*** MATERIAL TO PROCESS

(* Let $n,m\ge 0$ and let $k_1\ge\dots\ge k_n\ge 0$ and $l_1\ge\dots\ge l_m\ge 0$ be integers. If \[ \prod_{i=1}^n\left(5\cdot\left(\tfrac32\right)^{k_i-1}\left(2^{2k_i-1}+1\right)\right)=\prod_{j=1}^m\left(5\cdot\left(\tfrac32\right)^{l_j-1}\left(2^{2l_j-1}+1\right)\right) \] as rational numbers, then $n=m$ and $(k_1,\dots,k_n)=(l_1,\dots,l_m)$. *)

From HB Require Import structures.
From mathcomp Require Import all_boot all_order all_algebra.
Set Implicit Arguments. Unset Strict Implicit. Unset Printing Implicit Defensive.
Import Order.TTheory GRing.Theory Num.Theory.
Local Open Scope ring_scope.

(* f(k) = 5 * (3/2)^(k-1) * (2^(2k-1) + 1), exponents taken in int so that
   k = 0 gives (3/2)^(-1) and 2^(-1), as rational numbers. *)
Definition factor (k : nat) : rat :=
  5 * (3%:Q / 2%:Q) ^ (k%:Z - 1) * ((2%:Q) ^ (2 * k%:Z - 1) + 1).

(* Write factor k = N k / 2 ^ (k - 1) with N odd: N 0 = 5 and
   N (k + 1) = 5 * 3 ^ k * (2 ^ (2k + 1) + 1).  Equal products then have equal
   odd parts and equal exponents of 2.  Compare the largest entries: if the
   largest entry x of one side exceeds every entry of the other side, some prime
   divides N x but no N y with y < x (5 for x = 0, 3 for x = 1, and a primitive
   prime divisor of 2 ^ (2x - 1) + 1 for x >= 3), which contradicts the equality
   of the odd parts; for x = 2 the exponents of 2 differ instead.  So the largest
   entries agree, and we cancel them.

   For odd a >= 7 the primitive prime divisor of 2 ^ a + 1 is found among the
   prime factors of Phi_2a(2), which divides 2 ^ a + 1.  A non-primitive prime
   factor p of Phi_2a(2) divides a, is the largest prime factor of 2a, and divides
   Phi_2a(2) only once; so if there were no primitive one, Phi_2a(2) would equal
   such a p.  But Phi_2a(2) ^ 2 >= 2 ^ phi(a) > p ^ 2, as |2 - w| |2 + w^2| >= 2
   on the unit circle. *)

From mathcomp Require Import all_boot all_order all_algebra algC cyclotomic.
From mathcomp Require Import zify ring.
Import Order.TTheory GRing.Theory Num.Theory.
Set Implicit Arguments. Unset Strict Implicit. Unset Printing Implicit Defensive.

(** * Divisibility of x ^ n - 1 *)

Definition geom (x k : nat) : nat := \sum_(i < k) x ^ i.

Lemma geom0 x : geom x 0 = 0.
Proof. by rewrite /geom big_ord0. Qed.

Lemma geomS x k : geom x k.+1 = geom x k + x ^ k.
Proof. by rewrite /geom big_ord_recr. Qed.

Lemma geom2 x : geom x 2 = x + 1.
Proof. by rewrite !geomS geom0 add0n expn1 addnC. Qed.

Lemma geomE x k : (x - 1) * geom x k = x ^ k - 1.
Proof.
elim: k => [|k IHk]; first by rewrite geom0 muln0.
rewrite geomS mulnDr IHk expnS.
have [->|x_gt0] := posnP x; first by case: k {IHk} => [|k]; rewrite ?expnS !mul0n.
have : 0 < x ^ k by rewrite expn_gt0 x_gt0.
move: (x ^ k) => y y_gt0; nia.
Qed.

Lemma geom_mod p x k : x = 1 %[mod p] -> geom x k = k %[mod p].
Proof.
move=> x1; elim: k => [|k IHk]; first by rewrite geom0.
by rewrite geomS -modnDm IHk -modnXm x1 modnXm exp1n modnDm addn1.
Qed.

Lemma dvdn_exp2_sub1_mod p m : p %| 2 ^ m - 1 -> 2 ^ m = 1 %[mod p].
Proof. by move=> p_dv; apply/eqP; rewrite eqn_mod_dvd ?expn_gt0. Qed.

Lemma dvdn_exp_sub1 x m k : x ^ m - 1 %| x ^ (m * k) - 1.
Proof. by rewrite expnM -[X in _ %| X]geomE dvdn_mulr. Qed.

Lemma dvdn_exp_sub1_gcd x d m n : 0 < x ->
  d %| x ^ m - 1 -> d %| x ^ n - 1 -> d %| x ^ gcdn m n - 1.
Proof.
move=> x_gt0; have [->|m_gt0] := posnP m; first by rewrite gcd0n.
have [a b def_am _] := egcdnP n m_gt0.
move=> /dvdn_trans/(_ (dvdn_exp_sub1 x m a)) dv_am.
move=> /dvdn_trans/(_ (dvdn_exp_sub1 x n b)) dv_bn.
move: dv_am; rewrite mulnC def_am expnD (mulnC b).
set A := x ^ (n * b) in dv_bn *; set B := x ^ gcdn m n.
have [A_gt0 B_gt0] : 0 < A /\ 0 < B by rewrite !expn_gt0 x_gt0.
have -> : A * B - 1 = B * (A - 1) + (B - 1) by nia.
by rewrite (dvdn_addr _ (dvdn_mull _ dv_bn)).
Qed.

Lemma expn1D_sq x k : exists c, (1 + x) ^ k = 1 + k * x + x ^ 2 * c.
Proof.
elim: k => [|k [c IHk]]; first by exists 0; rewrite expn0 !mul0n muln0.
by exists (c + k + x * c); rewrite expnS IHk; ring.
Qed.

Lemma geom1D_sq x k : exists c, geom (1 + x) k = k + x * 'C(k, 2) + x ^ 2 * c.
Proof.
elim: k => [|k [c IHk]]; first by exists 0; rewrite geom0 bin0n !muln0.
have [c' def_c'] := expn1D_sq x k.
by exists (c + c'); rewrite geomS IHk def_c' binS bin1; ring.
Qed.

(* Lifting the exponent: x = 1 + t p forces geom x p = p + t p 'C(p, 2) = p
   modulo p ^ 2, as p divides 'C(p, 2) for odd p. *)
Lemma sq_ndvd_geom p x : prime p -> odd p -> x = 1 %[mod p] ->
  ~~ (p ^ 2 %| geom x p).
Proof.
move=> p_pr p_odd x1; have p_gt2 := odd_prime_gt2 p_odd p_pr.
have -> : x = 1 + x %/ p * p.
  by rewrite {1}(divn_eq x p) x1 modn_small 1?addnC // ltnW.
have [c ->] := geom1D_sq (x %/ p * p) p.
have /dvdnP[d ->] : p %| 'C(p, 2) by rewrite prime_dvd_bin.
have -> : p + x %/ p * p * (d * p) + (x %/ p * p) ^ 2 * c
        = p ^ 2 * (x %/ p * d + (x %/ p) ^ 2 * c) + p by ring.
by rewrite (dvdn_addr _ (dvdn_mulr _ (dvdnn _))) -{2}(expn1 p) dvdn_Pexp2l // ltnW.
Qed.

Lemma prime_dvd_exp_pred_sub1 x p : prime p -> coprime x p -> p %| x ^ p.-1 - 1.
Proof.
move=> p_pr co_xp; have x_gt0 : 0 < x.
  by case: x co_xp => // /eqP; rewrite gcd0n => p1; rewrite p1 in p_pr.
have := fermat_little x p_pr => /eqP; rewrite eqn_mod_dvd; last first.
  by rewrite -{1}(expn1 x) (leq_pexp2l x_gt0 (prime_gt0 p_pr)).
rewrite -[in x ^ p](prednK (prime_gt0 p_pr)) expnS -[X in _ - X](muln1 x) -mulnBr.
by rewrite Gauss_dvdr // coprime_sym.
Qed.

(** * Values of cyclotomic polynomials at 2 *)

Definition cyclo2 (n : nat) : nat := `|(('Phi_n).[2%:Z])%R|%N.

Lemma prod_cyclo2 n : 0 < n -> \prod_(d <- divisors n) cyclo2 d = 2 ^ n - 1.
Proof.
move=> n_gt0; rewrite /cyclo2 -(big_morph absz abszM (erefl : absz 1 = 1%N)).
rewrite -horner_prod prod_Cyclotomic // hornerD hornerN hornerXn hornerC.
suff -> : (2%Z ^+ n - 1)%R = (2 ^ n - 1)%N by [].
by rewrite -subzn ?expn_gt0 // -[in RHS]natz natrX.
Qed.

Lemma cyclo2_dvd_exp_sub1 n : 0 < n -> cyclo2 n %| 2 ^ n - 1.
Proof.
move=> n_gt0; rewrite -prod_cyclo2 // (big_rem n) ?dvdn_mulr //.
by rewrite -dvdn_divisors.
Qed.

Lemma cyclo2_dvd_geom m n : 0 < m -> m %| n -> m < n ->
  cyclo2 n %| geom (2 ^ m) (n %/ m).
Proof.
move=> m_gt0 m_dv_n m_lt_n; have n_gt0 := leq_trans m_gt0 (ltnW m_lt_n).
have := prod_cyclo2 n_gt0; rewrite (bigID (dvdn^~ m)) /=.
have -> : \prod_(d <- divisors n | d %| m) cyclo2 d = 2 ^ m - 1.
  rewrite -big_filter -(prod_cyclo2 m_gt0); apply/perm_big/uniq_perm.
  - by rewrite filter_uniq // divisors_uniq.
  - exact: divisors_uniq.
  move=> d; rewrite mem_filter -!dvdn_divisors //.
  by apply/andP/idP => [[] // | d_dv_m]; split; last exact: dvdn_trans m_dv_n.
have -> : 2 ^ n - 1 = (2 ^ m - 1) * geom (2 ^ m) (n %/ m).
  by rewrite geomE -expnM mulnC divnK.
move=> /eqP.
rewrite eqn_pmul2l; last by rewrite subn_gt0 -{1}(expn0 2) ltn_exp2l.
have n_ndv_m : ~~ (n %| m).
  by apply: contraL m_lt_n => /(dvdn_leq m_gt0); rewrite leqNgt.
by move=> /eqP <-; rewrite (big_rem n) -?dvdn_divisors // n_ndv_m dvdn_mulr.
Qed.

Lemma cyclo2_dvd_geom_prime r n : 0 < n -> prime r -> r %| n ->
  cyclo2 n %| geom (2 ^ (n %/ r)) r.
Proof.
move=> n_gt0 r_pr r_dv_n; have r_gt1 := prime_gt1 r_pr.
have q_dv_n : n %/ r %| n by apply/dvdnP; exists r; rewrite mulnC divnK.
have q_gt0 : 0 < n %/ r by rewrite divn_gt0 ?prime_gt0 // dvdn_leq.
have def_r : n %/ (n %/ r) = r by rewrite -{1}(divnK r_dv_n) mulKn.
by rewrite -[X in geom _ X]def_r cyclo2_dvd_geom // ltn_Pdiv.
Qed.

Lemma cyclo2_double_dvd a : 0 < a -> cyclo2 a.*2 %| 2 ^ a + 1.
Proof.
move=> a_gt0; have def_2 : a.*2 %/ a = 2 by rewrite -muln2 mulKn.
rewrite -geom2 -[X in geom _ X]def_2 cyclo2_dvd_geom // -?muln2 ?dvdn_mulr //.
by rewrite muln2; lia.
Qed.

Lemma odd_dvd_cyclo2 d n : 0 < n -> d %| cyclo2 n -> odd d.
Proof.
move=> n_gt0 /dvdn_trans/(_ (cyclo2_dvd_exp_sub1 n_gt0)) /dvdn_odd; apply.
by rewrite oddB ?expn_gt0 // oddX orbF addbT -lt0n.
Qed.

Lemma dvd_cyclo2_quot p m n : 0 < m -> m %| n -> m < n ->
  p %| cyclo2 n -> p %| 2 ^ m - 1 -> p %| n %/ m.
Proof.
move=> m_gt0 m_dv_n m_lt_n p_dv_C /dvdn_exp2_sub1_mod/geom_mod geom_eq.
by have := dvdn_trans p_dv_C (cyclo2_dvd_geom m_gt0 m_dv_n m_lt_n); rewrite /dvdn geom_eq.
Qed.

(* Fermat gives p | 2 ^ gcd(n, p - 1) - 1, and gcd(n, p - 1) divides n / r
   because it is coprime to r. *)
Lemma prime_dvd_cyclo2_exp_quot p r n : 0 < n -> prime p -> p %| cyclo2 n ->
  prime r -> r %| n -> p <= r -> p %| 2 ^ (n %/ r) - 1.
Proof.
move=> n_gt0 p_pr p_dv_C r_pr r_dv_n p_le_r.
have p_odd := odd_dvd_cyclo2 n_gt0 p_dv_C.
have p_dv_g : p %| 2 ^ gcdn n p.-1 - 1.
  apply: dvdn_exp_sub1_gcd => //; first exact: dvdn_trans p_dv_C (cyclo2_dvd_exp_sub1 n_gt0).
  by rewrite prime_dvd_exp_pred_sub1 // coprime_sym coprimen2.
have g_gt0 : 0 < gcdn n p.-1 by rewrite gcdn_gt0 n_gt0.
have co_g_r : coprime (gcdn n p.-1) r.
  rewrite coprime_sym prime_coprime //; apply: contraTN p_le_r => /(dvdn_leq g_gt0).
  have p_gt1 := prime_gt1 p_pr.
  have := dvdn_leq (_ : 0 < p.-1) (dvdn_gcdr n p.-1); lia.
have /dvdnP[c ->] : gcdn n p.-1 %| n %/ r.
  by rewrite -(Gauss_dvdl _ co_g_r) divnK ?dvdn_gcdl.
by rewrite mulnC; apply: dvdn_trans p_dv_g (dvdn_exp_sub1 _ _ _).
Qed.

Lemma prime_dvd_cyclo2_geq p r n : 0 < n -> prime p -> p %| cyclo2 n ->
  prime r -> r %| n -> r <= p.
Proof.
move=> n_gt0 p_pr p_dv_C r_pr r_dv_n; rewrite leqNgt; apply/negP => p_lt_r.
have := prime_dvd_cyclo2_exp_quot n_gt0 p_pr p_dv_C r_pr r_dv_n (ltnW p_lt_r).
move=> /dvdn_exp2_sub1_mod/geom_mod geom_eq.
have := dvdn_trans p_dv_C (cyclo2_dvd_geom_prime n_gt0 r_pr r_dv_n).
rewrite /dvdn geom_eq -/(dvdn p r) dvdn_prime2 // => /eqP p_eq_r.
by rewrite p_eq_r ltnn in p_lt_r.
Qed.

Lemma sq_ndvd_cyclo2 p n : 0 < n -> prime p -> p %| n -> p %| cyclo2 n ->
  ~~ (p ^ 2 %| cyclo2 n).
Proof.
move=> n_gt0 p_pr p_dv_n p_dv_C.
have := prime_dvd_cyclo2_exp_quot n_gt0 p_pr p_dv_C p_pr p_dv_n (leqnn p).
move=> /dvdn_exp2_sub1_mod exp_mod.
apply: contra (sq_ndvd_geom p_pr (odd_dvd_cyclo2 n_gt0 p_dv_C) exp_mod) => /dvdn_trans.
by apply; apply: cyclo2_dvd_geom_prime.
Qed.
Lemma rightmost_event_cat (x y : seq gene) j :
  event_free y -> rightmost_event (x ++ y) j -> j <= size x.
Proof.
move=> Fy [_ ev]; case: (posnP j) => [-> // | /ev /(event_free_cat Fy)].
by case: j {ev}; lia.
Qed.

Lemma extend_array_shape (b : seq gene) j k :
  uniq b -> rightmost_event b j -> maxn 1 j.-1 <= k <= size b ->
  exists x h G y, [/\ size x = k.-1, b = x ++ h :: map lc G ++ map rc G ++ y,
                      extend_array b j k = duplicate x (h :: G) y & event_free y].
Proof.
move=> Ub bj /andP [lo hi]; have k_gt0 : 0 < k by lia.
case: (ltnP k j) => kj.
- have [x1 [G [y [sx1 nzG Eb]]]] := bj.2 (leq_ltn_trans (leq0n k) kj).
  case/lastP: x1 sx1 Eb => [/= | x h] sx1 Eb; first by lia.
  have Eb' : b = x ++ h :: map lc G ++ map rc G ++ y by rewrite Eb /duplicate cat_rcons.
  have sx : size x = k.-1 by move: sx1; rewrite size_rcons; lia.
  exists x, h, G, y; split => //.
  + by apply: extend_array_eq; rewrite // kj nzG.
  + apply: (rightmost_event_free bj (_ : b = (rcons x h ++ map lc G ++ map rc G) ++ y)).
      by rewrite Eb /duplicate -!catA.
    have sG : 0 < size G by rewrite lt0n size_eq0.
    by rewrite !size_cat !size_map size_rcons sx; lia.
- have lt_b : k.-1 < size b by lia.
  have Eb : b = take k.-1 b ++ nth [::] b k.-1 :: drop k b.
    by rewrite -{3}(prednK k_gt0) -drop_nth // cat_take_drop.
  have sx : size (take k.-1 b) = k.-1 by rewrite size_take lt_b.
  exists (take k.-1 b), (nth [::] b k.-1), [::], (drop k b); split => //.
  + by apply: extend_array_eq; rewrite // ltnNge kj.
  + apply: (rightmost_event_free bj (_ : b = rcons (take k.-1 b) (nth [::] b k.-1) ++ drop k b)).
      by rewrite cat_rcons.
    by rewrite size_rcons sx prednK.
Qed.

******

* [INSTRUCTIONS FOR THE TASK] Look above for the line containing "move=> a_gt0; have" and the line containing "have g_gt0 : 0". Transcribe both, with the lines between them, exactly.

* [SOLUTION FOR THIS PROBLEM]
move=> a_gt0; have def_2 : a.*2 %/ a = 2 by rewrite -muln2 mulKn.
rewrite -geom2 -[X in geom _ X]def_2 cyclo2_dvd_geom // -?muln2 ?dvdn_mulr //.
by rewrite muln2; lia.
Qed.

Lemma odd_dvd_cyclo2 d n : 0 < n -> d %| cyclo2 n -> odd d.
Proof.
move=> n_gt0 /dvdn_trans/(_ (cyclo2_dvd_exp_sub1 n_gt0)) /dvdn_odd; apply.
by rewrite oddB ?expn_gt0 // oddX orbF addbT -lt0n.
Qed.

Lemma dvd_cyclo2_quot p m n : 0 < m -> m %| n -> m < n ->
  p %| cyclo2 n -> p %| 2 ^ m - 1 -> p %| n %/ m.
Proof.
move=> m_gt0 m_dv_n m_lt_n p_dv_C /dvdn_exp2_sub1_mod/geom_mod geom_eq.
by have := dvdn_trans p_dv_C (cyclo2_dvd_geom m_gt0 m_dv_n m_lt_n); rewrite /dvdn geom_eq.
Qed.

(* Fermat gives p | 2 ^ gcd(n, p - 1) - 1, and gcd(n, p - 1) divides n / r
   because it is coprime to r. *)
Lemma prime_dvd_cyclo2_exp_quot p r n : 0 < n -> prime p -> p %| cyclo2 n ->
  prime r -> r %| n -> p <= r -> p %| 2 ^ (n %/ r) - 1.
Proof.
move=> n_gt0 p_pr p_dv_C r_pr r_dv_n p_le_r.
have p_odd := odd_dvd_cyclo2 n_gt0 p_dv_C.
have p_dv_g : p %| 2 ^ gcdn n p.-1 - 1.
  apply: dvdn_exp_sub1_gcd => //; first exact: dvdn_trans p_dv_C (cyclo2_dvd_exp_sub1 n_gt0).
  by rewrite prime_dvd_exp_pred_sub1 // coprime_sym coprimen2.
have g_gt0 : 0 < gcdn n p.-1 by rewrite gcdn_gt0 n_gt0.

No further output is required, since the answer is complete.